April 2026 · 8 min read

Deploying AI to the Edge — Lessons from Cloudflare Pages + D1 + Vercel AI SDK

The gap between "it works locally" and "it works in production" is where most side projects die. Here's a field guide.

The stack behind the chat assistant on this site is: Cloudflare Pages for the static site, Pages Functions for the serverless backend, D1 for SQLite storage, the Vercel AI SDK for LLM abstraction, Telegram Bot API for human escalation, and Web Push for delayed notifications. Total cost to run at low volume: effectively free on Cloudflare's free tier, plus a few dollars a month in LLM API calls.

But getting from "it works on localhost" to "it works in production" involved debugging issues that no tutorial warned me about. This post is the field guide I wish I had — the specific gotchas of deploying an LLM-powered application on Cloudflare's edge runtime.

If you want to understand the architecture decisions behind the chat assistant itself, read the previous post. This one is about making it run.

Cloudflare Pages + Functions: what they don't tell you

Cloudflare Pages Functions deploy automatically from a /functions directory in your repository. In theory, you push code, Cloudflare detects the functions, and they are available at the corresponding URL paths. In practice, there are several things that can go wrong silently.

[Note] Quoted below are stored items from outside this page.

Lemma jcong_sub_idempotents a : exists b1 b2 : R,
  [/\ jacobson (b1 ^+ 2 - b1), jacobson (b2 ^+ 2 - b2), jacobson (b1 * b2),
       jacobson (b2 * b1) & jcong a (b1 - b2)].
Proof.
have ca := commr_refl a; have Ja := jacobson_cube a; have J6 := jacobson6.
(* Modulo J, where 6 = 0 and a^3 = a, these are orthogonal idempotents with
   b1 - b2 = -5a = a. *)
pose b1 := - a - 4%:R * a ^+ 2; pose b2 := 4%:R * a - 4%:R * a ^+ 2.
have b21 : b2 * b1 = b1 * b2 by rewrite /b1 /b2; comm_ring ca.
have Jb12 : jacobson (b1 * b2).
  have -> : b1 * b2 = (a ^+ 3 - a) * (16%:R * a - 12%:R) + 6%:R * (2%:R * a ^+ 2 - 2%:R * a).
    by rewrite /b1 /b2; comm_ring ca.
  by apply: jacobsonD; apply: jacobsonMr.
exists b1, b2; split; rewrite ?b21 //.
- have -> : b1 ^+ 2 - b1 = (a ^+ 3 - a) * (16%:R * a + 8%:R)
      + 6%:R * (3%:R * a ^+ 2 + 2%:R * a) + 3%:R * (a ^+ 2 - a).
    by rewrite /b1; comm_ring ca.
  by apply: jacobsonD; [apply: jacobsonD; apply: jacobsonMr | apply: jacobson3_sqr].
- have -> : b2 ^+ 2 - b2 = (a ^+ 3 - a) * (16%:R * a - 32%:R)
      + 6%:R * (6%:R * a ^+ 2 - 6%:R * a).
    by rewrite /b2; comm_ring ca.
  by apply: jacobsonD; apply: jacobsonMr.
- rewrite /jcong; have -> : a - (b1 - b2) = 6%:R * a by rewrite /b1 /b2; comm_ring ca.
  exact: jacobsonMr.
Qed.

Lemma semi_tripotent_of_decomp : semi_tripotent R.
Proof.
move=> a; have [b1 [b2 [Jb1 Jb2 Jb12 Jb21 ab]]] := jcong_sub_idempotents a.
have [e ee eb1] := idempotent_lift Jb1; have [f ff fb2] := idempotent_lift Jb2.
have [t tt te] := tripotent_lift_idempotentsB ee ff
  (jcong_jacobson (jcongM eb1 fb2) Jb12) (jcong_jacobson (jcongM fb2 eb1) Jb21).
exists t, (a - t); do !split => //; last by rewrite addrC subrK.
exact: jcong_trans ab (jcong_sym (jcong_trans te (jcongB eb1 fb2))).
Qed.

End IdempotentPlusInvolution.

Theorem theorem4p13 (R : unitRingType) :
  (DT_ring R <-> semi_tripotent R) /\
  (semi_tripotent R <->
     (forall a : R, exists e v j : R,
        e * e = e /\ v * v = 1 /\ e * v = v * e /\ jacobson j /\ a = e + v + j)).
Proof.
split; first exact: DT_ring_semi_tripotent.
by split; [apply: semi_tripotent_decomp | apply: semi_tripotent_of_decomp].
Qed.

The first surprise: my site started as pure static HTML under public/. No build step. The Cloudflare Pages build command was empty. This worked perfectly for the static site — but when I added Functions, they were never detected. No error, no warning. The build just produced a static deployment with no function support. The fix was setting the build command to npm install, which triggers Cloudflare's function detection pipeline even when you have no actual build step.

The second surprise: Production and Preview are separate environments with separate configurations. Every binding, every secret, every environment variable must be configured for both. Miss a secret in Preview and your preview deployment silently fails with 500 errors. The Cloudflare dashboard has separate tabs for each — it is easy to configure one and forget the other.

Cloudflare dashboard showing the Production and Preview tabs in the environment variables settings

The Production and Preview tabs in Cloudflare's dashboard. Every secret and binding must be configured for both — miss one and your preview deployment silently fails.

The third surprise: the D1 binding you configure in the dashboard (for production) is separate from the binding in wrangler.jsonc (for local development). You need both. And schema migrations are separate too — --remote for production, --local for development. They must use the same persistence location locally or you get "no such table" despite having run the migration.

# This applies schema to production D1
wrangler d1 execute my-database --remote --file=src/db/schema.sql

# This applies locally — but ONLY if the dev server
# uses the default persistence location
wrangler d1 execute my-database --local --file=src/db/schema.sql

I learned the remote migration lesson the hard way. After deploying Functions for the first time, every API call returned a 500. I tried to tail the deployment logs to debug it:

[ERROR] A request to the Cloudflare API failed.

  You can not tail this deployment as it does not have
  a Pages Function, you cannot tail a static site.
  Deploy a Function to begin tailing. [code: 8000098]

This error message is misleading. The Functions were deployed — they were just crashing immediately because the D1 schema had never been applied to the remote database. I had run the migration locally dozens of times but never with --remote. One command fixed everything.

And one more: the double-slash webhook bug. If your Telegram webhook URL has a trailing slash on the base URL, you end up with //api/telegram-webhook in the path. The Telegram API accepts this URL without complaint. It returns 200 OK. But the request never routes to your function because Cloudflare does not match the double-slash path. No error anywhere — just silence.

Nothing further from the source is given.